**SOURCE RECORDS:**
(* Every fractionally $\mathrm{tree}\text{-}\alpha$-fragile graph class has bounded induced biclique number.
   Context: $\alpha$ denotes independence number. The tree-independence number $\mathrm{tree}\text{-}\alpha(G)$ is the minimum over tree decompositions $(T,\{X_t\})$ of $G$ (tree $T$, bags covering vertices and edges, each vertex's bags forming a subtree) of $\max_t\alpha(G[X_t])$. For $\beta\le1$, a $\beta$-general cover of $G$ is a multiset $\mathcal{C}$ of subsets of $V(G)$ with each vertex in at least $\beta|\mathcal{C}|$ members. A class $\mathcal{G}$ (not necessarily hereditary) is fractionally $\mathrm{tree}\text{-}\alpha$-fragile if there is $f\colon\mathbb{N}\to\mathbb{N}$ such that for every $r\in\mathbb{N}$ every $G\in\mathcal{G}$ has a $(1-1/r)$-general cover $\mathcal{C}$ with $\mathrm{tree}\text{-}\alpha(G[C])\le f(r)$ for all $C\in\mathcal{C}$. The induced biclique number of $G$ is the maximum $n$ such that $K_{n,n}$ is an induced subgraph of $G$. *)

From mathcomp Require Import all_boot.
Set Implicit Arguments. Unset Strict Implicit. Unset Printing Implicit Defensive.

Record graph := Graph {
  gV :> finType;
  gadj : rel gV;
  gadj_sym : symmetric gadj;
  gadj_irr : irreflexive gadj }.

Definition graph_class := graph -> Prop.

Section Induced.
Variables (G : graph) (C : {set G}).
Definition ind_V : finType := {x : G | x \in C}.
Definition ind_adj : rel ind_V := fun x y => gadj (val x) (val y).
Lemma ind_adj_sym : symmetric ind_adj.
Proof. by move=> x y; rewrite /ind_adj gadj_sym. Qed.
Lemma ind_adj_irr : irreflexive ind_adj.
Proof. by move=> x; rewrite /ind_adj gadj_irr. Qed.
Definition induced : graph := Graph ind_adj_sym ind_adj_irr.
End Induced.

Definition independent (G : graph) (A : {set G}) : bool :=
  [forall x in A, forall y in A, ~~ gadj x y].

Definition alpha_of (G : graph) (S : {set G}) : nat :=
  \max_(A : {set G} | (A \subset S) && independent A) #|A|.

(* Finite trees: nonempty, connected, with exactly |I|-1 edges
   (edges counted as ordered pairs, hence the factor 2). *)
Definition is_tree (I : finType) (e : rel I) : Prop :=
  [/\ symmetric e, irreflexive e, 0 < #|I|,
      (forall s t : I, connect e s t) &
      #|[set p : I * I | e p.1 p.2]| = 2 * (#|I| - 1)].

Definition is_tree_decomposition (G : graph) (I : finType) (e : rel I)
    (X : I -> {set G}) : Prop :=
  [/\ is_tree e,
      (forall v : G, exists t, v \in X t),
      (forall u v : G, gadj u v -> exists t, (u \in X t) && (v \in X t)) &
      (forall (v : G) (s t : I), v \in X s -> v \in X t ->
         connect [rel a b | [&& e a b, v \in X a & v \in X b]] s t)].

(* tree-alpha(G) <= k : some tree decomposition has all bags of
   independence number at most k (tree-alpha is the minimum over decompositions). *)
Definition tree_alpha_le (G : graph) (k : nat) : Prop :=
  exists (I : finType) (e : rel I) (X : I -> {set G}),
    is_tree_decomposition e X /\ forall t, alpha_of (X t) <= k.

(* A (1 - 1/r)-general cover (r >= 1): a nonempty multiset (here a seq) of
   vertex subsets with each vertex in at least (1 - 1/r)|C| members,
   i.e. r * #{C in cov | v in C} >= (r - 1) * |cov|. *)
Definition general_cover (G : graph) (r : nat) (cov : seq {set G}) : Prop :=
  0 < size cov /\
  forall v : G, (r - 1) * size cov <= r * count (fun C : {set G} => v \in C) cov.

Definition frac_tree_alpha_fragile (K : graph_class) : Prop :=
  exists f : nat -> nat, forall r : nat, 0 < r ->
    forall G : graph, K G ->
      exists cov : seq {set G}, general_cover r cov /\
        forall C : {set G}, C \in cov -> tree_alpha_le (induced C) (f r).

Definition has_induced_biclique (G : graph) (n : nat) : Prop :=
  exists A B : {set G},
    [/\ #|A| = n, #|B| = n, [disjoint A & B],
        independent A /\ independent B &
        forall a b, a \in A -> b \in B -> gadj a b].

Definition bounded_induced_biclique (K : graph_class) : Prop :=
  exists N : nat, forall G : graph, K G ->
    forall n, has_induced_biclique G n -> n <= N.

(* The bags of a tree decomposition containing a given vertex form a subtree,
   and the subtrees of adjacent vertices meet.  If every vertex of A is
   adjacent to every vertex of B, this forces one bag to contain A or B:
   prune leaves of the tree until some vertex of A or B occurs only in a leaf
   bag; all its neighbours on the other side then lie in that bag.  So for
   independent A, B and tree-alpha(G[C]) <= k, min(|A :&: C|, |B :&: C|) <= k.
   Averaging over a (3/4)-general cover gives a member C with
   4 (|A :\: C| + |B :\: C|) <= |A| + |B| = 2n, hence |A :&: C|, |B :&: C| >= n/2
   and n <= 2 f(4). *)

From mathcomp Require Import all_boot zify.
Set Implicit Arguments. Unset Strict Implicit. Unset Printing Implicit Defensive.

Lemma homo_connect (T : finType) (e e' : rel T) (h : T -> T) :
  (forall x y, e x y -> connect e' (h x) (h y)) ->
  forall x y, connect e x y -> connect e' (h x) (h y).
Proof.
move=> he x _ /connectP[p e_p ->]; elim: p x e_p => //= y p IHp x /andP[exy].
by move/IHp; apply: connect_trans; apply: he.
Qed.

Lemma connect_first_step (T : finType) (e : rel T) x y :
  connect e x y -> x != y -> exists z, e x z.
Proof.
case/connectP=> [[|z p] /= e_p ->]; first by rewrite eqxx.
by case/andP: e_p => exz _ _; exists z.
Qed.

Section Tree.

Variables (I : finType) (e : rel I).
Hypotheses (e_sym : symmetric e) (e_irr : irreflexive e).
Implicit Types (U : {set I}) (l p : I).

Definition rel_on U : rel I := [rel x y | [&& e x y, x \in U & y \in U]].

Definition connected_on U := {in U &, forall s t, connect (rel_on U) s t}.

Definition arcs_on U : {set I * I} := [set q | rel_on U q.1 q.2].

Definition tree_on U :=
  [/\ 0 < #|U|, connected_on U & #|arcs_on U| = 2 * (#|U| - 1)].

Definition is_leaf U l p :=
  [/\ l \in U, p \in U, e l p & {in U, forall y, e l y -> y = p}].

Lemma card_arcs_on U : #|arcs_on U| = \sum_(x in U) #|[set y in U | e x y]|.
Proof.
rewrite -sum1_card (eq_bigr (fun x => \sum_(y in U | e x y) 1)); last first.
  by move=> x _; rewrite -sum1_card; apply: eq_bigl => y; rewrite inE.
rewrite pair_big_dep /=.
by apply: eq_bigl => -[x y]; rewrite !inE /= /rel_on /= andbC -andbA.
Qed.

Lemma tree_on_leaf U : tree_on U -> 1 < #|U| -> exists l p, is_leaf U l p.
Proof.
case=> U_gt0 Ucon Uarcs /card_gt1P[x0 [y0 [x0U y0U x0y0]]].
have [l /andP[lU deg_l]] : exists l, (l \in U) && (#|[set y in U | e l y]| <= 1).
  apply/existsP; apply: contraT; rewrite negb_exists => /forallP deg_gt1.
  have : 2 * #|U| <= #|arcs_on U|.
    rewrite card_arcs_on mulnC -sum_nat_const; apply: leq_sum => x xU.
    by have := deg_gt1 x; rewrite xU ltnNge.
  rewrite Uarcs => ?; exfalso; lia.
have [t tU lt] : exists2 t, t \in U & l != t.
  by case: (eqVneq l x0) => [->|]; [exists y0 | exists x0].
have [p lp] := connect_first_step (Ucon _ _ lU tU) lt.
exists l, p; have /and3P[elp _ pU] := lp; split => // y yU ely.
by move/card_le1_eqP: deg_l; apply; rewrite inE ?yU ?pU.
Qed.

Lemma leaf_neq U l p : is_leaf U l p -> l != p.
Proof. by case=> _ _ elp _; apply: contraTneq elp => <-; rewrite e_irr. Qed.

Lemma arcs_onD1 U l p :
  is_leaf U l p -> arcs_on U = (l, p) |: ((p, l) |: arcs_on (U :\ l)).
Proof.
move=> leaf; have [lU pU elp only_p] := leaf; have lp := leaf_neq leaf.
have nbr_l y : (e l y && (y \in U)) = (y == p).
  by apply/andP/eqP => [[ely yU]|->]; [exact: only_p|].
apply/setP => -[x y]; rewrite !inE /= !xpair_eqE /rel_on /= !inE.
have [->|xl] := eqVneq x l; first by rewrite lU (negbTE lp) /= nbr_l !andbF !orbF.
have [->|yl] := eqVneq y l; last by rewrite /= !andbF.
by rewrite lU e_sym /= !andbT !andbF orbF nbr_l.
Qed.

Lemma card_arcs_onD1 U l p :
  is_leaf U l p -> #|arcs_on U| = #|arcs_on (U :\ l)|.+2.
Proof.
move=> leaf; have pl := leaf_neq leaf.
by rewrite (arcs_onD1 leaf) !cardsU1 !inE /= !xpair_eqE /rel_on /= !inE eqxx (negbTE pl) /= !andbF.
Qed.

(* Removing a leaf [l] keeps paths connected: a path through [l] enters and
   leaves it via [p], so mapping [l] to [p] yields a path avoiding [l]. *)
Lemma connected_onD1 U l p :
  {in U, forall y, e l y -> y = p} -> connected_on U -> connected_on (U :\ l).
Proof.
move=> only_p Ucon s t; rewrite !inE => /andP[sl sU] /andP[tl tU].
pose h x := if x == l then p else x.
have -> : s = h s by rewrite /h (negbTE sl).
have -> : t = h t by rewrite /h (negbTE tl).
apply: homo_connect (Ucon _ _ sU tU) => x y /and3P[exy xU yU]; rewrite /h.
have [xl|xl] := eqVneq x l.
  by rewrite xl in exy; rewrite (only_p y) // if_same connect0.
have [yl|yl] := eqVneq y l.
  by rewrite yl e_sym in exy; rewrite (only_p x) // if_same connect0.
by apply: connect1; rewrite /rel_on /= !inE xl yl exy xU yU.
Qed.

Lemma tree_onD1 U l p : tree_on U -> is_leaf U l p -> tree_on (U :\ l).
Proof.
move=> [U_gt0 Ucon Uarcs] leaf; have [lU pU _ only_p] := leaf.
have cardU := cardsD1 l U; rewrite lU in cardU.
split; last by have := card_arcs_onD1 leaf; lia.
- by apply/card_gt0P; exists p; rewrite !inE pU eq_sym (leaf_neq leaf).
- exact: connected_onD1 only_p Ucon.
Qed.

Variables (V : finType) (X : I -> {set V}).

Definition occurrence U v : {set I} := [set t in U | v \in X t].

Lemma occurrenceD1 U l v : occurrence (U :\ l) v = occurrence U v :\ l.
Proof. by apply/setP => t; rewrite !inE andbA. Qed.

Lemma occurrence_sub1 U l v w :
  occurrence U v \subset [set l] -> occurrence U v :&: occurrence U w != set0 ->
  w \in X l.
Proof.
move=> v_l /set0Pn[t]; rewrite inE => /andP[tv]; have := subsetP v_l t tv.
by rewrite !inE => /eqP-> /andP[].
Qed.

Lemma leaf_occurrence U l p v :
  is_leaf U l p -> connected_on (occurrence U v) -> l \in occurrence U v ->
  occurrence U v :\ l != set0 -> p \in occurrence U v.
Proof.
move=> [_ _ _ only_p] v_con lv /set0Pn[t]; rewrite in_setD1 => /andP[tl tv].
have lt : l != t by rewrite eq_sym.
have [y /and3P[ely _ yv]] := connect_first_step (v_con _ _ lv tv) lt.
by move: (yv); rewrite inE => /andP[yU _]; rewrite -(only_p y).
Qed.

Lemma occurrence_meetD1 U l p v w :
  is_leaf U l p ->
  connected_on (occurrence U v) -> connected_on (occurrence U w) ->
  occurrence U v :\ l != set0 -> occurrence U w :\ l != set0 ->
  occurrence U v :&: occurrence U w != set0 ->
  (occurrence U v :&: occurrence U w) :\ l != set0.
Proof.
move=> leaf v_con w_con v_l w_l /set0Pn[t tvw]; apply/set0Pn.
have [tl | tl] := eqVneq t l; last by exists t; rewrite in_setD1 tl.
move: tvw; rewrite tl in_setI => /andP[lv lw]; exists p.
by rewrite in_setD1 in_setI eq_sym (leaf_neq leaf) !(leaf_occurrence leaf).
Qed.

(* Either some vertex of A or B occurs only in the leaf bag, or the leaf can
   be pruned: two subtrees meeting only at the leaf both reach its neighbour. *)
Lemma tree_on_biclique_bag U (A B : {set V}) :
  tree_on U ->
  {in A :|: B, forall v, occurrence U v != set0} ->
  {in A :|: B, forall v, connected_on (occurrence U v)} ->
  {in A & B, forall a b, occurrence U a :&: occurrence U b != set0} ->
  exists2 t, t \in U & (A \subset X t) || (B \subset X t).
Proof.
have [n] := ubnP #|U|; elim: n => // n IHn in U *; rewrite ltnS => Un.
move=> Utree occ0 occ_con occ_meet.
have [U_le1|U_gt1] := leqP #|U| 1.
  have [U_gt0 _ _] := Utree.
  have /cards1P[t0 U1] : #|U| == 1 by rewrite eqn_leq U_le1.
  exists t0; first by rewrite U1 set11.
  apply/orP; left; apply/subsetP => a aA.
  have aAB : a \in A :|: B by rewrite inE aA.
  have /set0Pn[t] := occ0 a aAB.
  by rewrite inE U1 inE => /andP[/eqP <-].
have [l [p leaf]] := tree_on_leaf Utree U_gt1; have [lU _ _ only_p] := leaf.
case: (boolP [exists v in A :|: B, occurrence U v \subset [set l]]).
  case/exists_inP => v; rewrite inE => /orP[vA|vB] v_l; exists l => //; apply/orP.
    by right; apply/subsetP => b bB; apply: occurrence_sub1 v_l (occ_meet v b vA bB).
  left; apply/subsetP => a aA; apply: occurrence_sub1 v_l _.
  by rewrite setIC; apply: occ_meet.
rewrite negb_exists_in => /forall_inP occ_l.
have occD1_0 v : v \in A :|: B -> occurrence U v :\ l != set0.
  by move=> vAB; rewrite setD_eq0; apply: occ_l.
suff [t] : exists2 t, t \in U :\ l & (A \subset X t) || (B \subset X t).
  by rewrite inE => /andP[_ tU]; exists t.
apply: (IHn (U :\ l) _ (tree_onD1 Utree leaf)).
- by move: Un; rewrite (cardsD1 l U) lU.
- by move=> v vAB; rewrite occurrenceD1 occD1_0.
- move=> v vAB; rewrite occurrenceD1; apply: connected_onD1 (occ_con v vAB).
  by move=> y; rewrite inE => /andP[yU _]; apply: only_p.
- move=> a b aA bB; rewrite !occurrenceD1 -setDIl.
  have aAB : a \in A :|: B by rewrite inE aA.
  have bAB : b \in A :|: B by rewrite inE bB orbT.
  exact: (occurrence_meetD1 leaf (occ_con a aAB) (occ_con b bAB)
    (occD1_0 a aAB) (occD1_0 b bAB) (occ_meet a b aA bB)).
Qed.

End Tree.

Lemma tree_decomposition_biclique_bag (G : graph) (I : finType) (e : rel I)
    (X : I -> {set G}) (A B : {set G}) :
  is_tree_decomposition e X -> {in A & B, forall a b, gadj a b} ->
  exists t, (A \subset X t) || (B \subset X t).
Proof.
case=> [[e_sym e_irr I_gt0 e_con e_arcs] X_cov X_edge X_con] AB.
have rel_onT : rel_on e [set: I] =2 e by move=> x y; rewrite /rel_on /= !inE !andbT.
have Ttree : tree_on e [set: I].
  split; first by rewrite cardsT.
  - by move=> s t _ _; rewrite (eq_connect rel_onT) e_con.
  - by rewrite cardsT -e_arcs; apply: eq_card => q; rewrite !inE rel_onT.
suff [t _] : exists2 t, t \in [set: I] & (A \subset X t) || (B \subset X t).
  by exists t.
apply: (tree_on_biclique_bag e_sym e_irr Ttree) => [v _ | v _ s t | a b aA bB].
- by have [t vt] := X_cov v; apply/set0Pn; exists t; rewrite !inE.
- have occ_rel : rel_on e (occurrence X [set: I] v) =2
      [rel a b | [&& e a b, v \in X a & v \in X b]].
    by move=> x y; rewrite /rel_on /= !inE.
  by rewrite !inE (eq_connect occ_rel); apply: X_con.
- have [t /andP[aXt bXt]] := X_edge a b (AB a b aA bB).
  by apply/set0Pn; exists t; rewrite !inE aXt bXt.
Qed.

**REQUIREMENT:** Copy the entries above exactly, but only from the line holding "independence number at" through the line holding "exists (I : finType)", both included.

**FINISHED EXERCISE:**
   independence number at most k (tree-alpha is the minimum over decompositions). *)
Definition tree_alpha_le (G : graph) (k : nat) : Prop :=
  exists (I : finType) (e : rel I) (X : I -> {set G}),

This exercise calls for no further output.